[DATA FOR THE TASK]

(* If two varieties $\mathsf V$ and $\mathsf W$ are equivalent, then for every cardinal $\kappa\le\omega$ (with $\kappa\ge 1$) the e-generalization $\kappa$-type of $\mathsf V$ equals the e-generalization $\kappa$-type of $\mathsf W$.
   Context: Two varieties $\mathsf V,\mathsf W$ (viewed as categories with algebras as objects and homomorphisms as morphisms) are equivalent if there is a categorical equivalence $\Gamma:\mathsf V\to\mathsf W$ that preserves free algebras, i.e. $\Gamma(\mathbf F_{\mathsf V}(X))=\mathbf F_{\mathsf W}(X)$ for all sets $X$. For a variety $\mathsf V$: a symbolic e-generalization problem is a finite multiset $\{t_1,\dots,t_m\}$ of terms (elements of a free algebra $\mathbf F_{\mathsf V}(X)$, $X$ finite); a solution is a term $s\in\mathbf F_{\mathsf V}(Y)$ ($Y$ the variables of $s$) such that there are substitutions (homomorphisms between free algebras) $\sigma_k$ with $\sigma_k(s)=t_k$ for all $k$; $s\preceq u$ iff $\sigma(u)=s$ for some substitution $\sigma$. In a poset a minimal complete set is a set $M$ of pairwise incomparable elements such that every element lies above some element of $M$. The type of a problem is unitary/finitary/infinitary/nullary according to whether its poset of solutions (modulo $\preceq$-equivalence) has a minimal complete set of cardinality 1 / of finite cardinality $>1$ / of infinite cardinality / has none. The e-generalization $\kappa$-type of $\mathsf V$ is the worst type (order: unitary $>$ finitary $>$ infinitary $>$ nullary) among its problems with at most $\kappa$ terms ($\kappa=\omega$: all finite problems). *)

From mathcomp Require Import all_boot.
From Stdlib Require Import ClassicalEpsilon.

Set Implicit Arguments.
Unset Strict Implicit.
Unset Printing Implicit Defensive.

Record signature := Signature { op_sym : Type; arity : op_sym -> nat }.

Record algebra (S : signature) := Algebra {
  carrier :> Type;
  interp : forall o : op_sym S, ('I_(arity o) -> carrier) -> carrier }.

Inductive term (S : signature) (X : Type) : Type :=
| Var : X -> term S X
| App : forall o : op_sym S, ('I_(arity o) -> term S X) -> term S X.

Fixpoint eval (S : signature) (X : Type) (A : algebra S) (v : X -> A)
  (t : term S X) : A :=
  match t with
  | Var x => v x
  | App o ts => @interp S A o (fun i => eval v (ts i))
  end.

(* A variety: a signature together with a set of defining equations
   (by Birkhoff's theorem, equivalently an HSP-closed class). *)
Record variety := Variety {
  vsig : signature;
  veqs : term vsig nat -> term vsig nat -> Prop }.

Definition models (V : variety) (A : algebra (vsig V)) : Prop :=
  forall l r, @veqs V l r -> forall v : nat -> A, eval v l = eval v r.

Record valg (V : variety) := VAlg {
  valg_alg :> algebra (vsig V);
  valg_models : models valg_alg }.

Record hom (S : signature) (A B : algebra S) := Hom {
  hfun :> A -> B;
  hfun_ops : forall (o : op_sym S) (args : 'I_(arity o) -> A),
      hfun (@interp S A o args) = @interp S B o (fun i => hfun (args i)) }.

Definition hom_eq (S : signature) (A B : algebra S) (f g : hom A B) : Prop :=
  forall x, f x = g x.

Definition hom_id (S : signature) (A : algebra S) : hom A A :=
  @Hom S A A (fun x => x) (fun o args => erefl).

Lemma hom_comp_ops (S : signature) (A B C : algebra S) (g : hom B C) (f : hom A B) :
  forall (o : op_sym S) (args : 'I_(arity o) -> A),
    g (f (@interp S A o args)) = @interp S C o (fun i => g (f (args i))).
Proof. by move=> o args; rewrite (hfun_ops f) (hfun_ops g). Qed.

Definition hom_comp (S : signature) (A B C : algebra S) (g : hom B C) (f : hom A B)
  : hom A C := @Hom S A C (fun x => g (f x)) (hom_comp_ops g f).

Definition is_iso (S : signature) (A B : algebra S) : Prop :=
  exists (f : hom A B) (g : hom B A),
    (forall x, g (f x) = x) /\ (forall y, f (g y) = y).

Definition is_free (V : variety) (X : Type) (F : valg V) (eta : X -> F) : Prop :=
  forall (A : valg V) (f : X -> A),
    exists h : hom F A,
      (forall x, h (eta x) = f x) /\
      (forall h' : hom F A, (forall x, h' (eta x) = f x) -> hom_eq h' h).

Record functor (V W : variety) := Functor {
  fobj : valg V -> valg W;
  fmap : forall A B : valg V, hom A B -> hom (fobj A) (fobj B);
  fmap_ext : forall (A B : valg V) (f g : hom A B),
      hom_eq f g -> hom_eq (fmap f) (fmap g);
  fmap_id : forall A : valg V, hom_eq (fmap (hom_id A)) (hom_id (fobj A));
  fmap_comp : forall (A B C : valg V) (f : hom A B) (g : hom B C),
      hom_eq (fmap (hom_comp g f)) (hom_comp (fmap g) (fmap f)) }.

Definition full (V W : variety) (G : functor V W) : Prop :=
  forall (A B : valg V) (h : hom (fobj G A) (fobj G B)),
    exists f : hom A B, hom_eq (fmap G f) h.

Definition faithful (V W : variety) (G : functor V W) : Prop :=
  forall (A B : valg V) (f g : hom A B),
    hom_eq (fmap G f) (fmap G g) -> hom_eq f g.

[/DATA FOR THE TASK]

:: WHAT THE TASK ASKS ::
Determine how many lines of the data above contain the string "exists", and answer with the number only.

:: YOUR RESPONSE ::
3